[WHAT YOU WILL DO] Whenever the word "addnA" turns up in a line below, that line should be copied.

[SOURCE MATERIAL]
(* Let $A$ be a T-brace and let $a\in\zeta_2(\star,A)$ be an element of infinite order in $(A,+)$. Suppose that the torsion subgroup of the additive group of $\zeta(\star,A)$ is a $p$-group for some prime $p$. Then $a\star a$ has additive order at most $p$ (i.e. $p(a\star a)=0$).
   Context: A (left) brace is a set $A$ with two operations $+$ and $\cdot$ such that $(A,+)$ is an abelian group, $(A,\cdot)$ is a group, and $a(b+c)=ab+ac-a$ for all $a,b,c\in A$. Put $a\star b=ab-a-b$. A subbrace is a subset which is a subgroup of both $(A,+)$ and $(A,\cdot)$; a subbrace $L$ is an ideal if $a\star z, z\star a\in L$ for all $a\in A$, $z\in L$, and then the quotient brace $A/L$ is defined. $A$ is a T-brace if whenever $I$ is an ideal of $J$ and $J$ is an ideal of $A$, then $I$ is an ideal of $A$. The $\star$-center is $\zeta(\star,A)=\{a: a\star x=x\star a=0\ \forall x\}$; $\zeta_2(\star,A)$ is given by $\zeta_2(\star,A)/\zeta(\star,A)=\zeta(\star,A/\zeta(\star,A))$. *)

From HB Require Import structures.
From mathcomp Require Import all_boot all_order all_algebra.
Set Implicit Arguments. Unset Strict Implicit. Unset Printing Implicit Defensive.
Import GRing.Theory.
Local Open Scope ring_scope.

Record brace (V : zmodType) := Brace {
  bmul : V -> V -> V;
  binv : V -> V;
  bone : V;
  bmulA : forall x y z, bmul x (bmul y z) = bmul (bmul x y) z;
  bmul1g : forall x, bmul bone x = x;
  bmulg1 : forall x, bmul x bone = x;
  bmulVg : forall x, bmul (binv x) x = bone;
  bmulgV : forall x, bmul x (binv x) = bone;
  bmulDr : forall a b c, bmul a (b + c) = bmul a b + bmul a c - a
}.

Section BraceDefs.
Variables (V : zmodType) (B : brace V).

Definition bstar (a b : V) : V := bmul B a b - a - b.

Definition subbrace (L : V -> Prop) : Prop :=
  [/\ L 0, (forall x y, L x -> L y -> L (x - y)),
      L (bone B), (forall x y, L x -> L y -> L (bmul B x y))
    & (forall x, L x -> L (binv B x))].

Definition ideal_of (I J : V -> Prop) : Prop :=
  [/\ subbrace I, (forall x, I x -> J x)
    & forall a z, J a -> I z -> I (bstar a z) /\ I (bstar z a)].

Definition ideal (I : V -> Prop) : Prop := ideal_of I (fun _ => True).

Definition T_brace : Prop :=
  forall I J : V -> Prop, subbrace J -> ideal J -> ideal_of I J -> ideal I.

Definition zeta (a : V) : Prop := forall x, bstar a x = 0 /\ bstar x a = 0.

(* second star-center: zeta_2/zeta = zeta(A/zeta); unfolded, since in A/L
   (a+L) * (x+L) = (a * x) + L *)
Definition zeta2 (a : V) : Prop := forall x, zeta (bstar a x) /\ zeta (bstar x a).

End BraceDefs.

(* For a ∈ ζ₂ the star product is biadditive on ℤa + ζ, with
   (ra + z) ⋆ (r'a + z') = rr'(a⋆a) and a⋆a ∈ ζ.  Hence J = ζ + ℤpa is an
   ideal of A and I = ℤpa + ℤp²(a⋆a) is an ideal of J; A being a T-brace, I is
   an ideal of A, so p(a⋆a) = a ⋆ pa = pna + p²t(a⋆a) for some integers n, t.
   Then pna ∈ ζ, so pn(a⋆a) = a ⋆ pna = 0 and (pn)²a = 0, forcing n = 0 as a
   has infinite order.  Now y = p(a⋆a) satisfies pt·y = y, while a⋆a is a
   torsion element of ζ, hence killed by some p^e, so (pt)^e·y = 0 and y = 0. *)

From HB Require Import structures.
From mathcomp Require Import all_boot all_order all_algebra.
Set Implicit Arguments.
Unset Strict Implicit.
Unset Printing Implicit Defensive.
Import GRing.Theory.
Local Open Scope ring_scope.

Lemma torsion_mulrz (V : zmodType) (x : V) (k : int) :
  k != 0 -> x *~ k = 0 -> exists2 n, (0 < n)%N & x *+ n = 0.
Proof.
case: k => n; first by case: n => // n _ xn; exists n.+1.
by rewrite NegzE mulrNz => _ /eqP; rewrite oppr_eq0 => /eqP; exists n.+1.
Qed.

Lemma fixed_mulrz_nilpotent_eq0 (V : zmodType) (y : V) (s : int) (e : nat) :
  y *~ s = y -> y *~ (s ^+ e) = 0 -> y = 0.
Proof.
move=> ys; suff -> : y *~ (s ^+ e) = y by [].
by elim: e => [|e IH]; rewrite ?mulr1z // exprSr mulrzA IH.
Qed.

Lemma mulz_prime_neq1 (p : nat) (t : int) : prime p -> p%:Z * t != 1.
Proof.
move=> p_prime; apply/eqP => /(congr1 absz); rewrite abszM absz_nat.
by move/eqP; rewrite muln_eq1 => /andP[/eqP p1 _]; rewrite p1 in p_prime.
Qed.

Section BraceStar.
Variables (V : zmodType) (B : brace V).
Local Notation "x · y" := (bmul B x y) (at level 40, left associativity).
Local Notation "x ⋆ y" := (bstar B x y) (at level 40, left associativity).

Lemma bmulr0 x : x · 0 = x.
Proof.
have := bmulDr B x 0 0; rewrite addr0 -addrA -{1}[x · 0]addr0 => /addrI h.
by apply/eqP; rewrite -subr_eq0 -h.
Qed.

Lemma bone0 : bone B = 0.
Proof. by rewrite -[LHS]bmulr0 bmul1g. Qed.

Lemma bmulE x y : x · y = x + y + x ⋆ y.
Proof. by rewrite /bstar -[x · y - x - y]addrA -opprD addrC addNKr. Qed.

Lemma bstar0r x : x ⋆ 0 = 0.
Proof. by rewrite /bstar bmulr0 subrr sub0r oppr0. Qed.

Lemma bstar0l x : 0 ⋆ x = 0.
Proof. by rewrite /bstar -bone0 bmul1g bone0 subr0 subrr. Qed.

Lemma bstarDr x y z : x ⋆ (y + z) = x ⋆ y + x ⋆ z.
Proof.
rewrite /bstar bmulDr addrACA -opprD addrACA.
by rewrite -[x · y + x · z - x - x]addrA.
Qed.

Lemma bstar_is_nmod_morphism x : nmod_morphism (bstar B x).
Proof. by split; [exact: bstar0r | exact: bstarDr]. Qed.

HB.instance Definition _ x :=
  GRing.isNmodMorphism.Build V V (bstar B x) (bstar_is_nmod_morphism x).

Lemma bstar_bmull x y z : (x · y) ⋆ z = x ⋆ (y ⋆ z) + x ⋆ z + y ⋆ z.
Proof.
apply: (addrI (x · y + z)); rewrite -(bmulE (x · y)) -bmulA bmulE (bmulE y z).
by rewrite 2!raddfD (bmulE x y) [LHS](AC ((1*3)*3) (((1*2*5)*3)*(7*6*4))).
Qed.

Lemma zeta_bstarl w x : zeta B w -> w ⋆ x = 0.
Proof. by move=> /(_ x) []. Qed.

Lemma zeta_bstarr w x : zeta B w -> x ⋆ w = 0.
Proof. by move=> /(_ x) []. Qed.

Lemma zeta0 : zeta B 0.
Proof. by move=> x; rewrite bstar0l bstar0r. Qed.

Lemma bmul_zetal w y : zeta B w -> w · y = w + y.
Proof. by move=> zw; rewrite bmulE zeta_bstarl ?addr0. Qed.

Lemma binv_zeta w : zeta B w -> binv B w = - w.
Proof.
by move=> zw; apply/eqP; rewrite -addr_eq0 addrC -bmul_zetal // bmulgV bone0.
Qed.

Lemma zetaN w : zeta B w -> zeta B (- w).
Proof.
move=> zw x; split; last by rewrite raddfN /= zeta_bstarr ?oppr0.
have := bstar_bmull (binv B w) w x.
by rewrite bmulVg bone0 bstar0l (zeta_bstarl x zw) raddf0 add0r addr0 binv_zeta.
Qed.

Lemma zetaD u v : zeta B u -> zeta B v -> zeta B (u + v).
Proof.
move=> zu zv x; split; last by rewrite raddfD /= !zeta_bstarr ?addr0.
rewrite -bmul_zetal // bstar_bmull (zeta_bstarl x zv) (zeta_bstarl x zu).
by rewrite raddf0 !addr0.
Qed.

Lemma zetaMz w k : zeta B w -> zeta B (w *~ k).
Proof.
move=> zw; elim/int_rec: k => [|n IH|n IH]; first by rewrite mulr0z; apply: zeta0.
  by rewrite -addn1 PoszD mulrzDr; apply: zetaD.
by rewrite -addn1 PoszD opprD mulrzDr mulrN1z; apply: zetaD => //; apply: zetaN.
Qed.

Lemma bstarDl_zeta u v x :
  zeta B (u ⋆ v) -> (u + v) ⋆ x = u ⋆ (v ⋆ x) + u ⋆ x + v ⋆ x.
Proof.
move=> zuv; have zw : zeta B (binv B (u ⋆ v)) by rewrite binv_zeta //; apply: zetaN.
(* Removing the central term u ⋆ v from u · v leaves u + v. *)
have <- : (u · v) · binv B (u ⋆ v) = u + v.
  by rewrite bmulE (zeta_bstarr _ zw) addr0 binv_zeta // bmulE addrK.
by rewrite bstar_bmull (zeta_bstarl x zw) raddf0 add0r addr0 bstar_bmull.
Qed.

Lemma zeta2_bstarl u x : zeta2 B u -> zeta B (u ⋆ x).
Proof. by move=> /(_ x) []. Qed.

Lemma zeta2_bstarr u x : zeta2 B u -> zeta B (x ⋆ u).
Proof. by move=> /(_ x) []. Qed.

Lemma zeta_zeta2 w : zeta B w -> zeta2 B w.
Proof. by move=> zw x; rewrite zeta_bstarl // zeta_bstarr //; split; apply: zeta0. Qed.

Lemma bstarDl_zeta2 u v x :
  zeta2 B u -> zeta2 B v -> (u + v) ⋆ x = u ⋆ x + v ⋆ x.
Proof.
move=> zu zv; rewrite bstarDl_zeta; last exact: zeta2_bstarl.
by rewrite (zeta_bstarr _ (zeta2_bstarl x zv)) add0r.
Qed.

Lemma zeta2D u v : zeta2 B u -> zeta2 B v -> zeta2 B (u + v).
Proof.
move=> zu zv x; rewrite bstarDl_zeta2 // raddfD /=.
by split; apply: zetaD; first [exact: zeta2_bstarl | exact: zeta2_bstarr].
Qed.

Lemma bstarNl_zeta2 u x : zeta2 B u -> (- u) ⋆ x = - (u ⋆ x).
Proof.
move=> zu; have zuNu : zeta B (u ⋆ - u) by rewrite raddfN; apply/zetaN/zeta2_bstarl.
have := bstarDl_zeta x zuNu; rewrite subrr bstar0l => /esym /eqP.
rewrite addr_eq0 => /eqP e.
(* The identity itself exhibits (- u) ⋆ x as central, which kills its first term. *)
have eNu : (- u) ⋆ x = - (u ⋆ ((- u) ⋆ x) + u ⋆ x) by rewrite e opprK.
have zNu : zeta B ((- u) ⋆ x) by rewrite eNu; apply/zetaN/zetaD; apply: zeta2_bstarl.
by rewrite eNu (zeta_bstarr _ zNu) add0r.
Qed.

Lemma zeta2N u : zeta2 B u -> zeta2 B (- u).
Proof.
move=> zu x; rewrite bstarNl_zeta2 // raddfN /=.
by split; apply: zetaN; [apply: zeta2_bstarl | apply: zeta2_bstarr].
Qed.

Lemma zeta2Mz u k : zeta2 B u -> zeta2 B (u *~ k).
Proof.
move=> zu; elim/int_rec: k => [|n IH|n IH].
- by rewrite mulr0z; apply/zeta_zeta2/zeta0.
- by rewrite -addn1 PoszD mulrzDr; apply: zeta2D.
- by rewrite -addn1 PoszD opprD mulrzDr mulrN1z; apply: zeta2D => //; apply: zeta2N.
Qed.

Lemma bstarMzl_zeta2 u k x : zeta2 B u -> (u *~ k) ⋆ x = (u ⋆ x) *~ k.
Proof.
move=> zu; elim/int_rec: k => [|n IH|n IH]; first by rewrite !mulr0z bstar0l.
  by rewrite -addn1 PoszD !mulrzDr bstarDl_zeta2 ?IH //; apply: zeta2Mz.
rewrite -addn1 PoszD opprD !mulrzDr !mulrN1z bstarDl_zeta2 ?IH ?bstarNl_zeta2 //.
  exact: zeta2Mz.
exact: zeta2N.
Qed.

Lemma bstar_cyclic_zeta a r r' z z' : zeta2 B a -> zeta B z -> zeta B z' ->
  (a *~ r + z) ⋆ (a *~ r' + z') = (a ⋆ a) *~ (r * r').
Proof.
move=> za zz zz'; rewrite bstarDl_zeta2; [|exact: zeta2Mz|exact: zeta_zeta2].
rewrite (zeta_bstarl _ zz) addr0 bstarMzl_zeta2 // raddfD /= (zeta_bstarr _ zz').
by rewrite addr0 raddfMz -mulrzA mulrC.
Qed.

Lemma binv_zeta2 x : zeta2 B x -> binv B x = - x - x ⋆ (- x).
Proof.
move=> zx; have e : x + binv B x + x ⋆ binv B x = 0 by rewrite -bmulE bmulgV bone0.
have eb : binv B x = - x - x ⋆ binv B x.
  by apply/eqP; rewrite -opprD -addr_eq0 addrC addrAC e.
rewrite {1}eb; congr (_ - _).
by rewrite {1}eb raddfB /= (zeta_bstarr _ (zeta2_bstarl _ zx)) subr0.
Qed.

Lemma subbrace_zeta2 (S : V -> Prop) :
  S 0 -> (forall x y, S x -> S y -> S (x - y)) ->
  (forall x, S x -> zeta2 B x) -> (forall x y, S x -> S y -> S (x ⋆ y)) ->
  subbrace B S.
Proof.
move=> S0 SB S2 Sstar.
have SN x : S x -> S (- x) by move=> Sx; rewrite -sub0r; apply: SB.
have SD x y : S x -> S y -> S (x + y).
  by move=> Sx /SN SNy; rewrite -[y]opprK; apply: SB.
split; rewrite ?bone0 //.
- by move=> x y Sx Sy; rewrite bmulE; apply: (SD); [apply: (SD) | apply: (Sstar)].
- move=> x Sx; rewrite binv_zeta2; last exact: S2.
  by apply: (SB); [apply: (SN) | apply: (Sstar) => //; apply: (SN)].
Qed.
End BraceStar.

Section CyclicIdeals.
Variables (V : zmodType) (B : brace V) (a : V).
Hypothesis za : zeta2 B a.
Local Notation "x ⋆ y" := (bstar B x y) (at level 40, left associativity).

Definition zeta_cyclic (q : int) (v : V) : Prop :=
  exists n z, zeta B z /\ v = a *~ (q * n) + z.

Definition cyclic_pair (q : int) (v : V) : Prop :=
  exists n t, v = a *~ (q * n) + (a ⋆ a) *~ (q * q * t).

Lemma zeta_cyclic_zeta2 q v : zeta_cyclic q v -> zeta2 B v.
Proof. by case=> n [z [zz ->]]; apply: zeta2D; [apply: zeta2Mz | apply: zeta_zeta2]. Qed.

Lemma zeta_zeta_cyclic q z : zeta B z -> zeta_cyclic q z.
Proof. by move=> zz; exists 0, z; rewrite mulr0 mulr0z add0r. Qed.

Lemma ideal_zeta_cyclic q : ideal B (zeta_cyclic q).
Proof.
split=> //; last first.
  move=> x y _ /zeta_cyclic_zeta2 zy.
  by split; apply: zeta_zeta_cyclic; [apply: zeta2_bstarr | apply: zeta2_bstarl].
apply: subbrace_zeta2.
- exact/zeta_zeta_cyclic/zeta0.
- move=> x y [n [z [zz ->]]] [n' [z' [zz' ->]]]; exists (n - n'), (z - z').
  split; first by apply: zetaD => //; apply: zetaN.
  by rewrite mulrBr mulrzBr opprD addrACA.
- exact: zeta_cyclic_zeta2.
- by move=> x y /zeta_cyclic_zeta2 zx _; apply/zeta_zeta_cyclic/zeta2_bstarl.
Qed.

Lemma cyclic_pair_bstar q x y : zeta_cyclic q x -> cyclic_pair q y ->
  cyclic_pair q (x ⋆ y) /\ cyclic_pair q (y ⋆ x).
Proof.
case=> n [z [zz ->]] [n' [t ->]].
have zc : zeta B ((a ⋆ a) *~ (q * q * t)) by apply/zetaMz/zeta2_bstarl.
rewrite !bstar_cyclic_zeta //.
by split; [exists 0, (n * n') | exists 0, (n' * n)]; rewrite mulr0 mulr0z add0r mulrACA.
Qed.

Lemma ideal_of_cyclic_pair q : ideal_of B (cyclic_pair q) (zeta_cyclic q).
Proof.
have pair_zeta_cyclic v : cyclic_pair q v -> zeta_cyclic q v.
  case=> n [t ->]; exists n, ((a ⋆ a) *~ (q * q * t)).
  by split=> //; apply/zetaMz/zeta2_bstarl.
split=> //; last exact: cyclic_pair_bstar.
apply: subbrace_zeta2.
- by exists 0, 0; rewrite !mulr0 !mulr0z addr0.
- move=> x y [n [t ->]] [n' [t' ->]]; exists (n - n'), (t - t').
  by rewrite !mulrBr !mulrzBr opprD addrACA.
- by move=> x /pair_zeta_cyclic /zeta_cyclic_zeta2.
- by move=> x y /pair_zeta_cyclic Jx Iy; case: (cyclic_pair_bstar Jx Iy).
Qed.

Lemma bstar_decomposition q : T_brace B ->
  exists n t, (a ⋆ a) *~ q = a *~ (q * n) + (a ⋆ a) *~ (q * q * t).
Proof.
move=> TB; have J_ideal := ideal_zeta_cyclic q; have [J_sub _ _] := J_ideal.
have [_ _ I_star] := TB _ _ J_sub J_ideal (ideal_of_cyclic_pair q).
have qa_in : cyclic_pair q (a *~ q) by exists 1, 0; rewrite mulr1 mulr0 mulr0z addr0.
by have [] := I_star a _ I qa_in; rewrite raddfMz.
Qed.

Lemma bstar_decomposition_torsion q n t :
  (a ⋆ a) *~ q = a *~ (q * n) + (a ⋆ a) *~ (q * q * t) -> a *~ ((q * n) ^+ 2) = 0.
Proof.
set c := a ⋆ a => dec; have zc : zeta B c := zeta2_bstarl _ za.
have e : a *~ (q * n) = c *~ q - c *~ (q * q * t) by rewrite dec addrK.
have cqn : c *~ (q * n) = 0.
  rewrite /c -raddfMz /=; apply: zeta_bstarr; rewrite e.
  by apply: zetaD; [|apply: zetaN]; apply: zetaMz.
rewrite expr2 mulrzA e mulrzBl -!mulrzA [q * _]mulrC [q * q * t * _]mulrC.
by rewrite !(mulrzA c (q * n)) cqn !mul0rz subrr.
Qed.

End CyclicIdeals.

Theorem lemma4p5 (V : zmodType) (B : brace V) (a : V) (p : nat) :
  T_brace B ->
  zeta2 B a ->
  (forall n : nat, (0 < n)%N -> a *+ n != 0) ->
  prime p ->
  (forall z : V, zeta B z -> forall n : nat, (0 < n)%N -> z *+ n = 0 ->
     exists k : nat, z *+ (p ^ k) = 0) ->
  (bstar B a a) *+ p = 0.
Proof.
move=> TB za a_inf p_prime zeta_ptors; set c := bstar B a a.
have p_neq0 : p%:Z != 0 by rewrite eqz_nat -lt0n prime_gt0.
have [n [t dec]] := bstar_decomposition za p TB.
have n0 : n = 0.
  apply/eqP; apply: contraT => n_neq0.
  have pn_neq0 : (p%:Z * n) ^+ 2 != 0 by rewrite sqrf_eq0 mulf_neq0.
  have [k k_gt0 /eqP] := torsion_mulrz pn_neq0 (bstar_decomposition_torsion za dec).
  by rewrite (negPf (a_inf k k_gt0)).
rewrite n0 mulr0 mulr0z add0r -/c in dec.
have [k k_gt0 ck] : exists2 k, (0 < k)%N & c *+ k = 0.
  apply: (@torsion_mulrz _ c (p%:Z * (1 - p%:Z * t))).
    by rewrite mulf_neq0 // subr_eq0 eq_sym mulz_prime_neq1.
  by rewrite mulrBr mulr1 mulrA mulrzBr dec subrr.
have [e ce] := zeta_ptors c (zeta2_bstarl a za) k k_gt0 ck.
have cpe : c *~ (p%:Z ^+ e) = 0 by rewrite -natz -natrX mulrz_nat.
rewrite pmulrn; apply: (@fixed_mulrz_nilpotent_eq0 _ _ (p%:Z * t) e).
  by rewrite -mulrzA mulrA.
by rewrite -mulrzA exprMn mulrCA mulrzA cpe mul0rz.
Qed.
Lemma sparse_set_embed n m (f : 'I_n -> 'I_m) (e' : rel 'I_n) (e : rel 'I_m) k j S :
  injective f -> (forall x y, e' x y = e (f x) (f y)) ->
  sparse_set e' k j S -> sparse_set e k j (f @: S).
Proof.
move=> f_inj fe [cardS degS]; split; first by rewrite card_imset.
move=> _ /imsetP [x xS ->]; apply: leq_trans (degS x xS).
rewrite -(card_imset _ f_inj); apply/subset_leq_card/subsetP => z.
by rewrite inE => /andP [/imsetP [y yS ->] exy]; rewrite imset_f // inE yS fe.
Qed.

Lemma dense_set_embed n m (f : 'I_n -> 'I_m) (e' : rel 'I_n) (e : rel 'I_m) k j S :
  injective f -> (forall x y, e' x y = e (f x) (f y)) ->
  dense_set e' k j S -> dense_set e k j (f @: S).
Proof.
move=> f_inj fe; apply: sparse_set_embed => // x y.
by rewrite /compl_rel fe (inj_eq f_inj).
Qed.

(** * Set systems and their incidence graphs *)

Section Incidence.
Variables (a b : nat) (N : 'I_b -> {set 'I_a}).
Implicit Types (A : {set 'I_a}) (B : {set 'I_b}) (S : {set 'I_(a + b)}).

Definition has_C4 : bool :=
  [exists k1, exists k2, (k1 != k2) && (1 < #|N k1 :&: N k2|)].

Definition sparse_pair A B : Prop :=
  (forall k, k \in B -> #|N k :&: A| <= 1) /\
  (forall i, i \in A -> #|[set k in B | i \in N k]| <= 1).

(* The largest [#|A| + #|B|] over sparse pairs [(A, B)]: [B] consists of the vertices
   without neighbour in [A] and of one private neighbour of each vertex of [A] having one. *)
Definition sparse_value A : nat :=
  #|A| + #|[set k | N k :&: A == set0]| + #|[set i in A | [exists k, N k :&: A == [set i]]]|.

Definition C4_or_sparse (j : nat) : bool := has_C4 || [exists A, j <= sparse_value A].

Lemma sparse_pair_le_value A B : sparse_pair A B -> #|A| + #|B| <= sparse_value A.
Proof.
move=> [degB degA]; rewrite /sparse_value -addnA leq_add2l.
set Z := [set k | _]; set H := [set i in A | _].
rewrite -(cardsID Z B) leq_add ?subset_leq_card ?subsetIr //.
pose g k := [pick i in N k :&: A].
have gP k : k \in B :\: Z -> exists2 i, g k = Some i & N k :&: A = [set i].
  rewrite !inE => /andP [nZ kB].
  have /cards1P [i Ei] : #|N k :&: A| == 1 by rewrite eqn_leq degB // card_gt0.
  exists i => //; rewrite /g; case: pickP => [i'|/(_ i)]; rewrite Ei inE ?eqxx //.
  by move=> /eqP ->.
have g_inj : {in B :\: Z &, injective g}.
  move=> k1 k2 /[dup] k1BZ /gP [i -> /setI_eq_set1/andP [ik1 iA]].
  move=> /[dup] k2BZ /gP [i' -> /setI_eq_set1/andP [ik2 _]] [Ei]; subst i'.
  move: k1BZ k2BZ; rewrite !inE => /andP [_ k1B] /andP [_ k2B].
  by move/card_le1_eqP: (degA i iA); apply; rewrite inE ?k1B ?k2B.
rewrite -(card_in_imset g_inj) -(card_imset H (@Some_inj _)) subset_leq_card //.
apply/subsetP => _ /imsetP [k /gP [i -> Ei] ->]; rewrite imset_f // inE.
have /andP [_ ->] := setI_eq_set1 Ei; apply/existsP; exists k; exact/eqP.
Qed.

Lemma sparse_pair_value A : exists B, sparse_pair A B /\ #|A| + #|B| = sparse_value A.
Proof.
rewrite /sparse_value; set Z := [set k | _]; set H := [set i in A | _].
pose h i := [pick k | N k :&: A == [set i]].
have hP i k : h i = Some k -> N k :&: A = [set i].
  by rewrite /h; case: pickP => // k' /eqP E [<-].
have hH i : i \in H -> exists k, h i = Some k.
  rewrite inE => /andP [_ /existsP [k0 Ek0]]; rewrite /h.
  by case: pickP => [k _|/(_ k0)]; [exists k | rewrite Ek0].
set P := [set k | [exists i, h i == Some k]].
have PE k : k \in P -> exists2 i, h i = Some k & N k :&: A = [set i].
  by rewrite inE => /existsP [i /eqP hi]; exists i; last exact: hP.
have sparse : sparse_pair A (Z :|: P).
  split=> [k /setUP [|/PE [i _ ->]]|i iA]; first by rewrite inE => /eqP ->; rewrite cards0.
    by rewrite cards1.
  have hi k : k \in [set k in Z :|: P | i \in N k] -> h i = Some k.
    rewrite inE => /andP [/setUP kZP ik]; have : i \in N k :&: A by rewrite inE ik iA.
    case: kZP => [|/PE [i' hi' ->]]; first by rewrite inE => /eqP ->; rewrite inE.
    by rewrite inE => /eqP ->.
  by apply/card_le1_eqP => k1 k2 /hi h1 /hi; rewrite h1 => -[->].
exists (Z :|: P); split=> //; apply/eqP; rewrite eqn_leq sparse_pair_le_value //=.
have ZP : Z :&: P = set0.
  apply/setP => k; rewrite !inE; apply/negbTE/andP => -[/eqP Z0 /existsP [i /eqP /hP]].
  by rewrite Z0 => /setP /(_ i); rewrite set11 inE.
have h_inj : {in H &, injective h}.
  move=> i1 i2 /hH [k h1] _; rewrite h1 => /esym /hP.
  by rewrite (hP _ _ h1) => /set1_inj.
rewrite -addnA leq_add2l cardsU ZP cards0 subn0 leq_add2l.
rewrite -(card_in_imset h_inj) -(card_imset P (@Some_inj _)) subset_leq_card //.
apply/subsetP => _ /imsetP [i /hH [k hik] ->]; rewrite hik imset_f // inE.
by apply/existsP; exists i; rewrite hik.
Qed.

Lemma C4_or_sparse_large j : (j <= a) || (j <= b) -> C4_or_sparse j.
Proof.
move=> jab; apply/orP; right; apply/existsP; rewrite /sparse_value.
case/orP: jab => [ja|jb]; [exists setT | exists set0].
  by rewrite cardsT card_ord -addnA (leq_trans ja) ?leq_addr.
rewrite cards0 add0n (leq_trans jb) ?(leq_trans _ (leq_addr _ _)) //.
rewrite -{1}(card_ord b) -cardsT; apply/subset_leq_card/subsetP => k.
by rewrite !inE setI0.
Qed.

[WORKED SOLUTION]
move=> [degB degA]; rewrite /sparse_value -addnA leq_add2l.
rewrite -addnA leq_add2l cardsU ZP cards0 subn0 leq_add2l.
  by rewrite cardsT card_ord -addnA (leq_trans ja) ?leq_addr.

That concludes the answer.